__Your goal__: In the records below, begin at the line containing "(@discrete_continuous _ _ _) (@discrete_continuous" and end at the line containing "exists id, id;"; quote every line in that span exactly, including both boundary lines, and no others.

__Records excerpted from a collection__:
- - - - - - -
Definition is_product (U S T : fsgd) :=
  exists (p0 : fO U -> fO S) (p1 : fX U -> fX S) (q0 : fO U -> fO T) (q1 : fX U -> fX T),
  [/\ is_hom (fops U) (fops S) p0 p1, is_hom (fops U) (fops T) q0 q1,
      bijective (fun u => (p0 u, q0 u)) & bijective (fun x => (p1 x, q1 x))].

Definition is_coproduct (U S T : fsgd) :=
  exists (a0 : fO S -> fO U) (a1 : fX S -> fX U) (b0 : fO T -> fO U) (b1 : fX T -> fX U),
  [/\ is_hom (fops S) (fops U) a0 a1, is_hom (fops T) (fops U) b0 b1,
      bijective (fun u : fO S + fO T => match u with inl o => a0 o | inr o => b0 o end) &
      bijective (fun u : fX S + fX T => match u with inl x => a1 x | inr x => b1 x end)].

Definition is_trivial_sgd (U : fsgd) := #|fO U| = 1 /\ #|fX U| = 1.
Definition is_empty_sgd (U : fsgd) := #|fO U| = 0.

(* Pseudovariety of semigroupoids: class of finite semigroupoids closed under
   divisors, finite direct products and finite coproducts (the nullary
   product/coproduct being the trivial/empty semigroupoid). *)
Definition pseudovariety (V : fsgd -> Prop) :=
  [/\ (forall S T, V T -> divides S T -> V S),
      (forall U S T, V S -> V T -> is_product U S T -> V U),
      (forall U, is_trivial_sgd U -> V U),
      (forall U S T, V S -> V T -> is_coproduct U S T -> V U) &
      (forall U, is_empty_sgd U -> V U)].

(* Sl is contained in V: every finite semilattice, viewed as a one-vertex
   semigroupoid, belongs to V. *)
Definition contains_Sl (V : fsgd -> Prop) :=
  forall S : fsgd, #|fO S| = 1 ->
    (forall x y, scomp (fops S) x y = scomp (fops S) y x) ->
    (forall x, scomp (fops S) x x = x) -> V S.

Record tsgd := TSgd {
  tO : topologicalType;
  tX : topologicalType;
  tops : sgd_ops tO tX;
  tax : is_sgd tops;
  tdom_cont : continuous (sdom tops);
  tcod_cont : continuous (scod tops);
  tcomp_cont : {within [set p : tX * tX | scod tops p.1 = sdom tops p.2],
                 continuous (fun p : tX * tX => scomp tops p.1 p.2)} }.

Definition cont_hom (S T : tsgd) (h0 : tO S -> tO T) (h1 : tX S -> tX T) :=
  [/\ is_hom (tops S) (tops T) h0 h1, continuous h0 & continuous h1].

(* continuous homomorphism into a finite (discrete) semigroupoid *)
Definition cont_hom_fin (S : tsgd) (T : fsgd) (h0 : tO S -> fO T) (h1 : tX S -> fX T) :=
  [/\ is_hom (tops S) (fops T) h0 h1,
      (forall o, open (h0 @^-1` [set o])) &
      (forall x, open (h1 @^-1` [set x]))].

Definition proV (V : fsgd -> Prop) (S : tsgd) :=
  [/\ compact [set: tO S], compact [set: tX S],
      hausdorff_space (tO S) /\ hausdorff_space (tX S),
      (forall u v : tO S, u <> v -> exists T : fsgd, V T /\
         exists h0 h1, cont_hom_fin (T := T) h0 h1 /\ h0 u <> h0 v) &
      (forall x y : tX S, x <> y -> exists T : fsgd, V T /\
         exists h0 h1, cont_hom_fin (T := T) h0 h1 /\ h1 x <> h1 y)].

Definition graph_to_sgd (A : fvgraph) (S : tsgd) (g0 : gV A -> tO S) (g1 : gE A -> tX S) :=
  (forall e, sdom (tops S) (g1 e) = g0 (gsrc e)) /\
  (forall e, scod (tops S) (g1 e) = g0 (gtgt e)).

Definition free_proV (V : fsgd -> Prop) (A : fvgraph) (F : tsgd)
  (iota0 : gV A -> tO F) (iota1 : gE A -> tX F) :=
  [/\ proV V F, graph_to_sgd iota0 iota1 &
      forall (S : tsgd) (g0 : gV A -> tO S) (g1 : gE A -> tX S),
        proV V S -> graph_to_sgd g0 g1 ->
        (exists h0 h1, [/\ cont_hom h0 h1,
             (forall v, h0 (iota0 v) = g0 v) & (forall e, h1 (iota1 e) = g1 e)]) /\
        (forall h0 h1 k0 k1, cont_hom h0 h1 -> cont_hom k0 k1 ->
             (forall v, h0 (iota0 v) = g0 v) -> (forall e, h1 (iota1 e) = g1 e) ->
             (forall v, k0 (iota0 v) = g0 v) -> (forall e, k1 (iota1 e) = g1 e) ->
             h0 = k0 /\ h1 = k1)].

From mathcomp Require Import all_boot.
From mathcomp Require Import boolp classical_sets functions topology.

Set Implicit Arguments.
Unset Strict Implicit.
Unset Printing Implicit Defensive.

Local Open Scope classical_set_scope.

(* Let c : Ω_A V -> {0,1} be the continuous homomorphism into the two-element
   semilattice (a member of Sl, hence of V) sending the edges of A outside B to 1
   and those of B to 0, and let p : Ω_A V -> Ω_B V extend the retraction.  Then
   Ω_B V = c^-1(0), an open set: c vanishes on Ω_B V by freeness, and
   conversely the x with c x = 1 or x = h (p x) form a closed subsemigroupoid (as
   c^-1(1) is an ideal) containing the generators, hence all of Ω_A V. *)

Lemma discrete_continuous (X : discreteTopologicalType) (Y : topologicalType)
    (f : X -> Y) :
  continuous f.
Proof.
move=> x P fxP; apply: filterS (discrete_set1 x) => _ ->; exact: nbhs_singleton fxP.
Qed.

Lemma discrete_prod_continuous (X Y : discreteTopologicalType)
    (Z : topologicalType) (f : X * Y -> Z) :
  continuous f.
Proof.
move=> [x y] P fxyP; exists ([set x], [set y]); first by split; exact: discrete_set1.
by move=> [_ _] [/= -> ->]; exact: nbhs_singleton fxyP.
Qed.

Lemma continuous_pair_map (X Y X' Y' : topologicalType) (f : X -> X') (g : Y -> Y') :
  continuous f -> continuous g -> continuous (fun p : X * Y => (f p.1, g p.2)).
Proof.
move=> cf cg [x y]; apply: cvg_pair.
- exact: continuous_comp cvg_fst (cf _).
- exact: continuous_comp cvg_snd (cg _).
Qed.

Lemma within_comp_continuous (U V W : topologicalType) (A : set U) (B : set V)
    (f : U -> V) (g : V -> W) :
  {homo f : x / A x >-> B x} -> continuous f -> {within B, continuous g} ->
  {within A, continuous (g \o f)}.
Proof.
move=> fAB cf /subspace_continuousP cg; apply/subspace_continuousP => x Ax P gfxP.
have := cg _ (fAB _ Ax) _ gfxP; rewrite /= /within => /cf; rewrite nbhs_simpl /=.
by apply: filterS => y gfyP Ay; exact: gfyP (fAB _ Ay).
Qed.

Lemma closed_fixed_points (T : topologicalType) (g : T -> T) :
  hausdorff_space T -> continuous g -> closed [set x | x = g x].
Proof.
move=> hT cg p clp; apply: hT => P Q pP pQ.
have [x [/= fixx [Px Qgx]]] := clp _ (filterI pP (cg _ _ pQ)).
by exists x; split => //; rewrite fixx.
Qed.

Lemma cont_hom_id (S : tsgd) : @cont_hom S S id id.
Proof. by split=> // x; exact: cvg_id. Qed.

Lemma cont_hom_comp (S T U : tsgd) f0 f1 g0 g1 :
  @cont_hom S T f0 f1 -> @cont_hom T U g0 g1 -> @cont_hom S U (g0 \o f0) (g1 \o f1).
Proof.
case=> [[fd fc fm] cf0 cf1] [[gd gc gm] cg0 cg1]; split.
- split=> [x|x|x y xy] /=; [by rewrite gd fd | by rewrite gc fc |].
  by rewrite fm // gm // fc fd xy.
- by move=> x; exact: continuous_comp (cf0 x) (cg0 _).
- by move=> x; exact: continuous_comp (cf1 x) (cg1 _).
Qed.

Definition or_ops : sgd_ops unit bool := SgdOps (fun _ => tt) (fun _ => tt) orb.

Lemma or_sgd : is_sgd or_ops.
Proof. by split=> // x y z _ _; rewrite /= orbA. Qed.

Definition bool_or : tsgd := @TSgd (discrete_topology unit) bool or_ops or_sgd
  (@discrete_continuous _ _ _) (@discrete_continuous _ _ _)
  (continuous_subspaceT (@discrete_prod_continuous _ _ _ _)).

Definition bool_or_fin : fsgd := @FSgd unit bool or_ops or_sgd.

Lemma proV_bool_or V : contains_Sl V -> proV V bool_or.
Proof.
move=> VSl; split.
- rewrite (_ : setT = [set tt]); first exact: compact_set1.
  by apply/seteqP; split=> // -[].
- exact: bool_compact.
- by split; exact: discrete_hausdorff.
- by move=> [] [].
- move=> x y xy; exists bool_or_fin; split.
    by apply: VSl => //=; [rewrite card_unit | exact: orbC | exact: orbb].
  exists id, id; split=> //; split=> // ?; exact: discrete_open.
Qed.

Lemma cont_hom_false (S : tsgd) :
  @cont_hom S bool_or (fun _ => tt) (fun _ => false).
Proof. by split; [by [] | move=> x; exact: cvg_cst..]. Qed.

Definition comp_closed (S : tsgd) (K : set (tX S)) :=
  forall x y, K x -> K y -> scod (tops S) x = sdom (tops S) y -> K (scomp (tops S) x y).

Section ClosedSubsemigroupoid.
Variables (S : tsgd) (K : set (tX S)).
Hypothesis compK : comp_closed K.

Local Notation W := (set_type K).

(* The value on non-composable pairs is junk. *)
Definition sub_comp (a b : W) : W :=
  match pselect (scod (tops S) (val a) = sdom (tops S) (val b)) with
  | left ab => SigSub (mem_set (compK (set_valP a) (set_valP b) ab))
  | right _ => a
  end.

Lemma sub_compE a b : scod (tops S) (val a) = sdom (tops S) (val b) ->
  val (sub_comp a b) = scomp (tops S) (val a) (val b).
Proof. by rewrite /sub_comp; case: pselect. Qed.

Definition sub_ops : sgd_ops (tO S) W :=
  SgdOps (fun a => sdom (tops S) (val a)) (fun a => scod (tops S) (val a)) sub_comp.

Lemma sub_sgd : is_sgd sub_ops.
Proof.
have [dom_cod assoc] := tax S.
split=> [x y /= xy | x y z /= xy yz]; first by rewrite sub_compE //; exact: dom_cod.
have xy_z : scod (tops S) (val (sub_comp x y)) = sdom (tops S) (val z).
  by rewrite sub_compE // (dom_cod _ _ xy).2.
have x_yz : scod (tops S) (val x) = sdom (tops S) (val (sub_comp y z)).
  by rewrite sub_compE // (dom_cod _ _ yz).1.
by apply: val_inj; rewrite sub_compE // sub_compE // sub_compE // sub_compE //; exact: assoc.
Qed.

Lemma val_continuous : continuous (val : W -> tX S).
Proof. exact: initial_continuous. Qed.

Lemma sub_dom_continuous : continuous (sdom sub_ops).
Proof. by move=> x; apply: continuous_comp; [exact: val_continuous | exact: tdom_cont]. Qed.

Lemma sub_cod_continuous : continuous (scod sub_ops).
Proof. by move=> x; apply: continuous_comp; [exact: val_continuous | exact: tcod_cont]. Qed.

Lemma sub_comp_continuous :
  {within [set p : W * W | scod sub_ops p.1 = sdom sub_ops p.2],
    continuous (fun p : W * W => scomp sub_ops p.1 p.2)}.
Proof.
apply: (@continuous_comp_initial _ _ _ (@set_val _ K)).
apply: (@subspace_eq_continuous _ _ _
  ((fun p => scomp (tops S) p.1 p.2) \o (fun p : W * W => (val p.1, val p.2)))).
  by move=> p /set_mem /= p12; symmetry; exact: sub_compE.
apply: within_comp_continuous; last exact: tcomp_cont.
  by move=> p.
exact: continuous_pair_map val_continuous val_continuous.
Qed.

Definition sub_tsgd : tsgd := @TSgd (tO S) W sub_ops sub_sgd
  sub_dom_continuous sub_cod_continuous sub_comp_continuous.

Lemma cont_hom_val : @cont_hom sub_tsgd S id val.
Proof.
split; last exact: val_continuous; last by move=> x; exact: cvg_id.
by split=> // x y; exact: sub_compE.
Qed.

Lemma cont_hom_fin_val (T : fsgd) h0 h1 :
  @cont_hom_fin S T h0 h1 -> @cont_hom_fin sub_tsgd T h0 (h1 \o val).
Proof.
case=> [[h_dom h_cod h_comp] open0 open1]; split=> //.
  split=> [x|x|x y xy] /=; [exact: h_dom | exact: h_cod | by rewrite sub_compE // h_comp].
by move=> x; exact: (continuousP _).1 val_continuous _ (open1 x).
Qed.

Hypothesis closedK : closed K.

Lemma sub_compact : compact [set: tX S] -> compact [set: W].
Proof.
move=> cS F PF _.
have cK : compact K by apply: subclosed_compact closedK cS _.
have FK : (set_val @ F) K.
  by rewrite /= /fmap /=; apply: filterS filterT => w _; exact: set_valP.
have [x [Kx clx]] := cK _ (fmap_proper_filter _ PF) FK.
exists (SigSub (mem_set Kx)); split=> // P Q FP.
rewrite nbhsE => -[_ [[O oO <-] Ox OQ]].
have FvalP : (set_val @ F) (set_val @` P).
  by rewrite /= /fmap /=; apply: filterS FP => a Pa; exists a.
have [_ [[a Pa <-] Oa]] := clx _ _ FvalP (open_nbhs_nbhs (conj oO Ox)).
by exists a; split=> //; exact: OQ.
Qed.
- - - - - - -
__Answer for this exercise__:
  (@discrete_continuous _ _ _) (@discrete_continuous _ _ _)
  (continuous_subspaceT (@discrete_prod_continuous _ _ _ _)).

Definition bool_or_fin : fsgd := @FSgd unit bool or_ops or_sgd.

Lemma proV_bool_or V : contains_Sl V -> proV V bool_or.
Proof.
move=> VSl; split.
- rewrite (_ : setT = [set tt]); first exact: compact_set1.
  by apply/seteqP; split=> // -[].
- exact: bool_compact.
- by split; exact: discrete_hausdorff.
- by move=> [] [].
- move=> x y xy; exists bool_or_fin; split.
    by apply: VSl => //=; [rewrite card_unit | exact: orbC | exact: orbb].
  exists id, id; split=> //; split=> // ?; exact: discrete_open.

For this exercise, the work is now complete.